▶ **Task objective**:
Using the exact wording, repeat every line of the material.

Information given START

(* Let $G=(V,E)$ be a finite undirected graph and let $\rho\in(0,1]$. Then the procedure $\textsc{CliqueAgg}(G,\rho)$ (described in the context) outputs an inclusion-maximal $\rho$-dense aggregator of $G$.
   Context: For a graph with $n'\ge 2$ vertices and $m'$ edges its density is $m'/\binom{n'}{2}$; a graph with one vertex has density $1$. For $v\in V$, $N_G(v)$ is the neighborhood of $v$. A degeneracy ordering of a graph is obtained by repeatedly removing a minimum-degree vertex of the remaining graph (ties broken by vertex id); the order of removal is the ordering. A $\rho$-dense aggregator of $G$ is a collection of nonempty vertex sets $S_1,\dots,S_k\subseteq V$ such that (1) every clique $K$ of $G$ satisfies $K\subseteq S_i$ for some $i$, and (2) every induced subgraph $G[S_i]$ has density at least $\rho$. It is inclusion-maximal if there are no distinct $S_i,S_j$ in it with $S_i\subseteq S_j$. The procedure $\textsc{CliqueAgg}(G,\rho)$ returns $\textsc{Rec}(H=V, C=\emptyset, X=\emptyset)$, where $\textsc{Rec}(H,C,X)$ (with $H,C,X\subseteq V$) does the following. (1) If some $x\in X$ satisfies $H\subseteq N_G(x)$, return $\emptyset$. (2) If $G[C\cup H]$ has density at least $\rho$, return $\{C\cup H\}$. (3) Otherwise set $S:=\emptyset$, $\hat H:=H$, $\hat X:=X$, compute a degeneracy ordering of $G[H]$, and for each $v\in H$ in this order: set $H_v:=N_G(v)\cap\hat H$, $C_v:=C\cup\{v\}$, $X_v:=\hat X\cap N_G(v)$; set $S:=S\cup\textsc{Rec}(H_v,C_v,X_v)$; set $\hat H:=\hat H\setminus\{v\}$ and $\hat X:=\hat X\cup\{v\}$; if some $x\in\hat X$ satisfies $\hat H\subseteq N_G(x)$, return $S$; if $G[C\cup\hat H]$ has density at least $\rho$, return $S\cup\{C\cup\hat H\}$. (4) After the loop, return $S$. *)

(* A finite simple graph is a symmetric irreflexive relation
   e : rel T on a finType T; V = [set: T]. Vertex ids = enum_rank. *)
From mathcomp Require Import all_boot all_order all_algebra.
Set Implicit Arguments. Unset Strict Implicit. Unset Printing Implicit Defensive.
Import Order.TTheory GRing.Theory Num.Theory.

Section CliqueAgg.
Variables (T : finType) (e : rel T).

Definition nbhd (v : T) : {set T} := [set u | e v u].

Definition n_edges (S : {set T}) : nat :=
  #|[set A : {set T} | (A \subset S) && (#|A| == 2) &&
       [forall x in A, forall y in A, (x != y) ==> e x y]]|.

(* density: m'/binom(n',2) for n' >= 2; 1 otherwise (one vertex; the empty
   set never arises for a nonempty graph) *)
Definition density (R : realFieldType) (S : {set T}) : R :=
  if 1 < #|S| then ((n_edges S)%:R / ('C(#|S|, 2))%:R)%R else 1%R.

Definition is_clique (K : {set T}) : Prop :=
  forall x y, x \in K -> y \in K -> x != y -> e x y.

Information given END

▶ **Answer to this task**:
(* Let $G=(V,E)$ be a finite undirected graph and let $\rho\in(0,1]$. Then the procedure $\textsc{CliqueAgg}(G,\rho)$ (described in the context) outputs an inclusion-maximal $\rho$-dense aggregator of $G$.
   Context: For a graph with $n'\ge 2$ vertices and $m'$ edges its density is $m'/\binom{n'}{2}$; a graph with one vertex has density $1$. For $v\in V$, $N_G(v)$ is the neighborhood of $v$. A degeneracy ordering of a graph is obtained by repeatedly removing a minimum-degree vertex of the remaining graph (ties broken by vertex id); the order of removal is the ordering. A $\rho$-dense aggregator of $G$ is a collection of nonempty vertex sets $S_1,\dots,S_k\subseteq V$ such that (1) every clique $K$ of $G$ satisfies $K\subseteq S_i$ for some $i$, and (2) every induced subgraph $G[S_i]$ has density at least $\rho$. It is inclusion-maximal if there are no distinct $S_i,S_j$ in it with $S_i\subseteq S_j$. The procedure $\textsc{CliqueAgg}(G,\rho)$ returns $\textsc{Rec}(H=V, C=\emptyset, X=\emptyset)$, where $\textsc{Rec}(H,C,X)$ (with $H,C,X\subseteq V$) does the following. (1) If some $x\in X$ satisfies $H\subseteq N_G(x)$, return $\emptyset$. (2) If $G[C\cup H]$ has density at least $\rho$, return $\{C\cup H\}$. (3) Otherwise set $S:=\emptyset$, $\hat H:=H$, $\hat X:=X$, compute a degeneracy ordering of $G[H]$, and for each $v\in H$ in this order: set $H_v:=N_G(v)\cap\hat H$, $C_v:=C\cup\{v\}$, $X_v:=\hat X\cap N_G(v)$; set $S:=S\cup\textsc{Rec}(H_v,C_v,X_v)$; set $\hat H:=\hat H\setminus\{v\}$ and $\hat X:=\hat X\cup\{v\}$; if some $x\in\hat X$ satisfies $\hat H\subseteq N_G(x)$, return $S$; if $G[C\cup\hat H]$ has density at least $\rho$, return $S\cup\{C\cup\hat H\}$. (4) After the loop, return $S$. *)

(* A finite simple graph is a symmetric irreflexive relation
   e : rel T on a finType T; V = [set: T]. Vertex ids = enum_rank. *)
From mathcomp Require Import all_boot all_order all_algebra.
Set Implicit Arguments. Unset Strict Implicit. Unset Printing Implicit Defensive.
Import Order.TTheory GRing.Theory Num.Theory.

Section CliqueAgg.
Variables (T : finType) (e : rel T).

Definition nbhd (v : T) : {set T} := [set u | e v u].

Definition n_edges (S : {set T}) : nat :=
  #|[set A : {set T} | (A \subset S) && (#|A| == 2) &&
       [forall x in A, forall y in A, (x != y) ==> e x y]]|.

(* density: m'/binom(n',2) for n' >= 2; 1 otherwise (one vertex; the empty
   set never arises for a nonempty graph) *)
Definition density (R : realFieldType) (S : {set T}) : R :=
  if 1 < #|S| then ((n_edges S)%:R / ('C(#|S|, 2))%:R)%R else 1%R.

Definition is_clique (K : {set T}) : Prop :=
  forall x y, x \in K -> y \in K -> x != y -> e x y.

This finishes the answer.